Как это всегда бывает в мае, бульвар заполнили детские коляски. Подтянутые солдаты в форме цвета первых весенних листьев подсаживались к молоденьким нянькам, шутили, рассказывали анекдоты, договаривались о свиданиях. Наблюдая за этими нехитрыми ухаживаниями, Сергей настолько увлекся, что не заметил, как подошла к нему Наташа. Подошла сзади и закрыла ему руками глаза. Ее прозрачные пальцы не были плотно сжаты, и потому он сразу же узнал их. Ему было приятно, и он хотел было притвориться непонимающим, но она уже отняла руки от его глаз и, облокотившись на спинку скамейки, сказала негромко, у самого уха: «Здравствуй, Сережа Воротынцев!» Он резко обернулся, встретившись с ее светлым и добрым взглядом, широко улыбнулся и тихо ответил: «Здравствуй».
За серьезными и пустячными разговорами они не заметили, как прошли добрый десяток бульваров и скверов и оказались возле Курского вокзала. Тротуары были запружены торопливым народом.
— Своей медленной походкой мы мешаем людям, Наташа.

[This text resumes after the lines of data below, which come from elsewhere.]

Lemma cycle_series_sub_sact b v :
  cycle_series b (triv v) - sact (v, k.+1) (cycle_series b (triv v)) =
  series_of << (b, triv v) >>.
Proof.
rewrite sact_cycle_series /composable /ptgt /triv /= addn0 modn_small // eqxx.
apply/funext => -[c [w L]]; rewrite !fctE /cycle_series /series_of mcoeffU /=.
rewrite !xpair_eqE mulrb add0n subn0 [c == b]eq_sym [w == v]eq_sym.
case: eqP => [_ | _]; last by rewrite subrr.
case: eqP => [_ | _]; last by rewrite subrr.
rewrite /=; case: L => [|L]; first by rewrite dvdn0 ltn0 subr0.
case: leqP => [lt_Lk | le_kL]; last by rewrite dvdn_subl ?dvdnn // subrr.
suff -> : (k.+1 %| L.+1)%N = false by rewrite subrr.
by apply/negbTE/negP => /(dvdn_leq (ltn0Sn L)); rewrite ltnS leqNgt lt_Lk.
Qed.

Lemma freeKQ_bounded_length (x : freeKQ K k B) :
  exists L, forall c, (L < c.2.2)%N -> x@_c = 0.
Proof.
exists (\sum_(c <- msupp x) c.2.2)%N => c lt_c; apply: mcoeff_outdom.
apply: contraTN lt_c => c_x; rewrite -leqNgt.
by rewrite (big_rem _ c_x) leq_addr.
Qed.

Lemma cycle_solution_not_finite (y : nat -> fseries) b (x : freeKQ K k B) :
  (forall j p, y j (b, p) =
     sact (cycle0 k) (y j.+1) (b, p) + series_of << (b, triv ord0) >> (b, p)) ->
  y 0%N <> series_of x.
Proof.
move=> y_rel y0.
have ones m j : y j (b, (ord0, (m * k.+1)%N)) = 1.
  elim: m j => [|m IH] j; rewrite y_rel /sact /series_of mcoeffU /=.
    by rewrite eqxx add0r.
  rewrite mulSn leq_addr addKn /composable /ptgt /= add0n modnMl eqxx IH.
  by rewrite /triv !xpair_eqE addSn /= !andbF mulr0n addr0.
have [L x_L] := freeKQ_bounded_length x.
have := ones L.+1 0%N; rewrite y0 /series_of x_L; last exact: leq_pmulr.
by move/esym/eqP; rewrite oner_eq0.
Qed.
End FormalSeries.

Arguments cycle_series {K k B}.
Arguments basis_act {K k B}.

Section Ladder.
Local Open Scope order_scope.
Context {d : Order.disp_t} (W : orderType d).

Lemma succ_not_lim (a b : W) : is_succ a b -> ~ is_lim b.
Proof.
move=> [ab b_min] [_ b_lim]; have [c [ac cb]] := b_lim a ab.
by have := b_min c ac; rewrite leNgt cb.
Qed.

Lemma ladder_not_lim (C : W -> nat -> W) a n :
  ladder_system C -> is_lim a -> ~ is_lim (C a n).
Proof.
move=> C_ladder a_lim; have [_ _ _ C_succ] := C_ladder a a_lim.
by have [de [_ _ [c [_ /succ_not_lim]]]] := C_succ n.
Qed.
End Ladder.

Section Psi.
Context (K : fieldType) (k : nat) {d : Order.disp_t} (W : orderType d).
Local Notation F := (Fmod K k W).
Local Notation series := (fseries K k W).

Definition psi_basis (b : Fidx W * qpath k) : series :=
  if limb (val b.1).1 && (b.2.1 == ord0) then - cycle_series (val b.1).1 b.2 else 0.

Definition psi : F -> series := mlift psi_basis.
HB.instance Definition _ := GRing.Linear.on psi.

Lemma psiU b : psi << b >> = psi_basis b.
Proof. exact: mliftU. Qed.

Lemma psi_linear : linear psi.
Proof. exact: linearP. Qed.

Lemma psi0 : psi 0 = 0.
Proof. exact: raddf0. Qed.

Lemma psiD : {morph psi : x y / x + y}.
Proof. exact: raddfD. Qed.

Lemma psiB : {morph psi : x y / x - y}.
Proof. exact: raddfB. Qed.

Lemma psi_act x q : psi (Fact x q) = sact q (psi x).
Proof.
move: x; apply: malg_linear_ext => [a x y | a x y | b].
- by rewrite /Fact freeact_linear linearP.
- by rewrite !linearP.
rewrite /Fact freeactE mliftU psiU /basis_act (fun_if psi) raddf0 psiU /psi_basis /=.
case: (_ && _); last by rewrite sact0 if_same.
by rewrite sactN sact_cycle_series; case: ifP; rewrite ?oppr0.
Qed.

Lemma eF_basis (g : W) (n : nat) : limb g || (n == 0)%N ->
  exists2 i : Fidx W, val i = (g, n) & eF K k g n = << (i, triv ord0) >>.
Proof.
by rewrite /eF; case: insubP => [i _ <- | /negbTE -> //] _; exists i.
Qed.

Lemma psi_eF_nonlim g : ~ is_lim g -> psi (eF K k g 0) = 0.
Proof.
move=> g_nonlim; have [i i_g ->] := eF_basis (g := g) (n := 0%N) (orbT _).
by rewrite psiU /psi_basis i_g /= /limb asboolF.
Qed.

Lemma psi_eF_lim a n : is_lim a ->
  psi (eF K k a n) = - cycle_series a (triv (@ord0 k)).
Proof.
move=> a_lim; have a_limb : limb a by apply/asboolP.
have [i i_a ->] := eF_basis (g := a) (n := n) (introT orP (or_introl a_limb)).
by rewrite psiU /psi_basis i_a /= a_limb.
Qed.
End Psi.

Lemma psi_Ggen (K : fieldType) (k : nat) {d : Order.disp_t} (W : orderType d)
    (C : W -> nat -> W) a n :
  ladder_system C -> is_lim a ->
  psi (Ggen K k C a n) = series_of << (a, triv (@ord0 k)) >>.
Proof.
move=> C_ladder a_lim; rewrite /Ggen psiD psiB psi_act.
rewrite psi_eF_nonlim; last exact: ladder_not_lim.
by rewrite !psi_eF_lim // sactN sub0r opprK -cycle_series_sub_sact.
Qed.

Section Submodules.
Context (K : fieldType) (k : nat) {d : Order.disp_t} (W : orderType d).

Lemma gen_sub_closed (T : Fmod K k W -> Prop) : sub_closed (gen_sub T).
Proof.
split=> [P [] // | a u v Tu Tv P P_closed P_T | u q Tu P P_closed P_T].
  by case: (P_closed) => _ P_lin _; apply: P_lin; [apply: Tu | apply: Tv].
by case: (P_closed) => _ _ P_act; apply: P_act; apply: Tu.
Qed.

Lemma gen_sub_incl (T : Fmod K k W -> Prop) t : T t -> gen_sub T t.
Proof. by move=> Tt P _; apply. Qed.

— Ага. Пойдем вот в этот переулок.
Сергей посмотрел сначала на затемненный, почти безлюдный переулок, затем ей в глаза. Подумал вдруг: «А я вот возьму и поцелую тебя не в этом темном переулке, а на самом людном и освещенном месте».
Они повернули обратно и, оставляя бульвар за бульваром, все говорили, все шли. И каждая новая улица была менее людной; и на каждом новом перекрестке огни светофоров горели все ярче — Москва утихала, ночь хоть и поздняя, прозрачная, но брала свое.